Lemma count_Ptilde_eq0 e s Ql Qr :
  Conv D A e -> PSD D Ql -> PSD D Qr -> ZR D A e Ql Qr = 0 -> count e s * Ptilde D A s Ql Qr = 0.
Proof.
  revert s Ql Qr; induction e as [c|e1 IH1 e2 IH2|e1 IH1 e2 IH2|e1 IH1];
    intros s Ql Qr HC HPl HPr HZ.
  - cbn [count]; unfold is_single; destruct s as [|c' [|]]; try ring.
    destruct (Fin.eq_dec c c') as [<-|]; [rewrite Ptilde_single, HZ|]; ring.
  - destruct HC as [H1 H2]; apply count_Ptilde_cat.
    + intros s1; apply IH1; auto; apply Er_PSD; auto.
    + intros s1 s2 _ _ Z2; apply IH2; auto; apply El_word_PSD; auto.
  - destruct HC as [H1 H2]; rewrite ZR_alt in HZ.
    pose proof (ZR_ge0 D d A e1 Ql Qr H1 HPl HPr); pose proof (ZR_ge0 D d A e2 Ql Qr H2 HPl HPr).
    cbn [count]; rewrite Rmult_plus_distr_r, IH1, IH2 by (auto; lra); ring.
  - (* [count_star_unfold] needs [0 < D]; in dimension [0] every trace vanishes. *)
    destruct (Nat.eq_dec D 0) as [E|HD]; [unfold Ptilde, mtrace; rewrite E; simpl; ring|].
    pose proof (count_nil_star_body_eq0 D d A ltac:(lia) e1 HC) as Z0.
    revert Ql Qr HPl HPr HZ; induction s as [s IHs] using (induction_ltof1 _ (@length _)).
    intros Ql Qr HPl HPr HZ; rewrite ZR_star in HZ by auto.
    pose proof (PSD_mtrace_mmul_ge0 D Ql Qr HPl HPr).
    pose proof (ZR_ge0 D d A (Cat e1 (Star e1)) Ql Qr (conj (proj1 HC) HC) HPl HPr).
    rewrite (count_star_unfold D d A ltac:(lia)), Rmult_plus_distr_r, is_nil_Ptilde by auto.
    replace (mtrace D (mmul D Ql Qr)) with 0 by lra; rewrite Rmult_0_r, Rplus_0_l.
    apply count_Ptilde_cat.
    + intros s1; apply IH1; auto; [apply HC | apply Er_PSD; auto|].
      change (ZR D A e1 Ql (Er D A (Star e1) Qr)) with (ZR D A (Cat e1 (Star e1)) Ql Qr); lra.
    + intros s1 s2 Hp C Z2; apply IHs; auto; [|apply El_word_PSD; auto].
      unfold ltof; destruct (splits_spec s s1 s2 Hp) as [_ [->|]]; [contradiction | auto].
Qed.

Lemma target_ge0 e Ql Qr s : admissible D A e Ql Qr -> 0 <= target D A e Ql Qr s.
Proof.
  intros (HC & HPl & HPr & HZ); unfold target, Rdiv.
  apply Rmult_le_pos; [apply Rmult_le_pos|].
  - apply (count_ge0 D d A (ZR_pos_dim D d A e Ql Qr HZ)); auto.
  - apply Ptilde_ge0; auto.
  - left; apply Rinv_0_lt_compat; auto.
Qed.

Lemma target_single c Ql Qr s :
  0 < ZR D A (Chr c) Ql Qr -> target D A (Chr c) Ql Qr s = is_single c s.
Proof.
  intros HZ; unfold target; cbn [count]; unfold is_single.
  destruct s as [|c' [|]]; try (unfold Rdiv; ring).
  destruct (Fin.eq_dec c c') as [<-|]; [rewrite Ptilde_single; field; lra | unfold Rdiv; ring].
Qed.

(* [P~(s1 s2, Ql, Qr) = P~(s1, Ql, E^r_{e2} Qr) * P~(s2, E^l_{s1} Ql, Qr) / Z_{e2}(E^l_{s1} Ql, Qr)]:
   the middle normalization constant cancels. *)
Lemma target_cat e1 e2 Ql Qr s : admissible D A (Cat e1 e2) Ql Qr ->
  target D A (Cat e1 e2) Ql Qr s =
  lsum (fun p => target D A e1 Ql (Er D A e2 Qr) (fst p)
                 * target D A e2 (El_word D A (fst p) Ql) Qr (snd p)) (splits s).
Proof.
  intros ([H1 H2] & HPl & HPr & HZ); unfold target at 1; cbn [count].
  unfold Rdiv; rewrite Rmult_assoc, <- lsum_scal_r; apply lsum_ext_in.
  intros [s1 s2] Hp; cbn [fst snd]; destruct (splits_spec s s1 s2 Hp) as [<- _].
  unfold target; rewrite Ptilde_Er, <- Ptilde_app.
  change (ZR D A (Cat e1 e2) Ql Qr) with (ZR D A e1 Ql (Er D A e2 Qr)) in HZ |- *.
  destruct (Req_dec (ZR D A e2 (El_word D A s1 Ql) Qr) 0) as [Z|Z].
  - pose proof (count_Ptilde_eq0 e2 s2 _ Qr H2 (El_word_PSD D d A s1 Ql HPl) HPr Z) as E2.
    set (P2 := Ptilde D A s2 (El_word D A s1 Ql) Qr) in *.
    replace (count e1 s1 * count e2 s2 * (P2 * / ZR D A e1 Ql (Er D A e2 Qr)))
      with (count e1 s1 * (count e2 s2 * P2) * / ZR D A e1 Ql (Er D A e2 Qr)) by ring.
    rewrite E2, Z; unfold Rdiv; rewrite !Rmult_0_r, !Rmult_0_l; reflexivity.
  - field; split; lra.
Qed.

Lemma target_alt e1 e2 Ql Qr s : admissible D A (Alt e1 e2) Ql Qr ->
  target D A (Alt e1 e2) Ql Qr s =
    ZR D A e1 Ql Qr / ZR D A (Alt e1 e2) Ql Qr * target D A e1 Ql Qr s
  + ZR D A e2 Ql Qr / ZR D A (Alt e1 e2) Ql Qr * target D A e2 Ql Qr s.
Proof.
  intros ([H1 H2] & HPl & HPr & HZ); unfold target.
  rewrite !div_mul_div_cancel by (auto; intros; apply count_Ptilde_eq0; auto).
  cbn [count]; unfold Rdiv; ring.
Qed.

Lemma target_star e1 Ql Qr s : admissible D A (Star e1) Ql Qr ->
  target D A (Star e1) Ql Qr s =
    is_nil s * (mtrace D (mmul D Ql Qr) / ZR D A (Star e1) Ql Qr)
  + ZR D A (Cat e1 (Star e1)) Ql Qr / ZR D A (Star e1) Ql Qr * target D A (Cat e1 (Star e1)) Ql Qr s.
Proof.
  intros (HC & HPl & HPr & HZ); unfold target at 2.
  rewrite div_mul_div_cancel
    by (auto; intros; apply count_Ptilde_eq0; auto; split; auto; apply (proj1 HC)).
  unfold target; rewrite (count_star_unfold D d A (ZR_pos_dim D d A _ _ _ HZ)) by auto.
  unfold Rdiv; rewrite !Rmult_plus_distr_r, is_nil_Ptilde; ring.
Qed.

Lemma target_cat_l_neq0 e1 e2 Ql Qr s1 :
  target D A e1 Ql (Er D A e2 Qr) s1 <> 0 ->
  count e1 s1 <> 0 /\ ZR D A e2 (El_word D A s1 Ql) Qr <> 0.
Proof.
  unfold target; rewrite Ptilde_Er; intros H; split; intros E; apply H; rewrite E; unfold Rdiv; ring.
Qed.

Lemma admissible_cat_l e1 e2 Ql Qr :
  admissible D A (Cat e1 e2) Ql Qr -> admissible D A e1 Ql (Er D A e2 Qr).
Proof. intros ([H1 H2] & HPl & HPr & HZ); split; [|split; [|split]]; auto using Er_PSD. Qed.

Lemma admissible_cat_r e1 e2 Ql Qr s1 :
  admissible D A (Cat e1 e2) Ql Qr -> target D A e1 Ql (Er D A e2 Qr) s1 <> 0 ->
  admissible D A e2 (El_word D A s1 Ql) Qr.
Proof.
  intros ([H1 H2] & HPl & HPr & HZ) Ht; destruct (target_cat_l_neq0 _ _ _ _ _ Ht) as [_ Z].
  pose proof (El_word_PSD D d A s1 Ql HPl).
  pose proof (ZR_ge0 D d A e2 (El_word D A s1 Ql) Qr H2 ltac:(auto) HPr).
  split; [|split; [|split]]; auto; lra.
Qed.

Lemma admissible_alt_l e1 e2 Ql Qr :
  admissible D A (Alt e1 e2) Ql Qr -> ZR D A e1 Ql Qr <> 0 -> admissible D A e1 Ql Qr.
Proof.
  intros ([H1 H2] & HPl & HPr & HZ) Z; pose proof (ZR_ge0 D d A e1 Ql Qr H1 HPl HPr).
  split; [|split; [|split]]; auto; lra.
Qed.

Lemma admissible_alt_r e1 e2 Ql Qr :
  admissible D A (Alt e1 e2) Ql Qr -> ZR D A e2 Ql Qr <> 0 -> admissible D A e2 Ql Qr.
Proof.
  intros ([H1 H2] & HPl & HPr & HZ) Z; pose proof (ZR_ge0 D d A e2 Ql Qr H2 HPl HPr).
  split; [|split; [|split]]; auto; lra.
Qed.

Lemma admissible_star e1 Ql Qr :
  admissible D A (Star e1) Ql Qr -> ZR D A (Cat e1 (Star e1)) Ql Qr <> 0 ->
  admissible D A (Cat e1 (Star e1)) Ql Qr.
Proof.
  intros (HC & HPl & HPr & HZ) Z.
  pose proof (ZR_ge0 D d A (Cat e1 (Star e1)) Ql Qr (conj (proj1 HC) HC) HPl HPr).
  split; [split; [apply HC | auto]|split; [|split]]; auto; lra.
Qed.

End Target.

(** * Convergence of the sampler *)

Section Sampling.

Variables (D d : nat) (A : Fin.t d -> Mat).

Lemma psamp_star n e1 Ql Qr s : admissible D A (Star e1) Ql Qr ->
  psamp D A (S n) (Star e1) Ql Qr s =
    is_nil s * (mtrace D (mmul D Ql Qr) / ZR D A (Star e1) Ql Qr)
  + ZR D A (Cat e1 (Star e1)) Ql Qr / ZR D A (Star e1) Ql Qr * psamp D A n (Cat e1 (Star e1)) Ql Qr s.
Proof.
  intros (HC & _ & _ & HZ).
  replace (ZR D A (Cat e1 (Star e1)) Ql Qr / ZR D A (Star e1) Ql Qr)
    with (1 - mtrace D (mmul D Ql Qr) / ZR D A (Star e1) Ql Qr)
    by (rewrite (ZR_star D d A e1 Ql Qr HC) in *; field; lra).
  destruct s; simpl; ring.
Qed.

▶ **Task to complete**
Your answer should consist only of the lines from the one with "intros (HC & _ & _ & HZ)." through the end of the data above, reproduced exactly.

▶ **Solved exercise**
  intros (HC & _ & _ & HZ).
  replace (ZR D A (Cat e1 (Star e1)) Ql Qr / ZR D A (Star e1) Ql Qr)
    with (1 - mtrace D (mmul D Ql Qr) / ZR D A (Star e1) Ql Qr)
    by (rewrite (ZR_star D d A e1 Ql Qr HC) in *; field; lra).
  destruct s; simpl; ring.
Qed.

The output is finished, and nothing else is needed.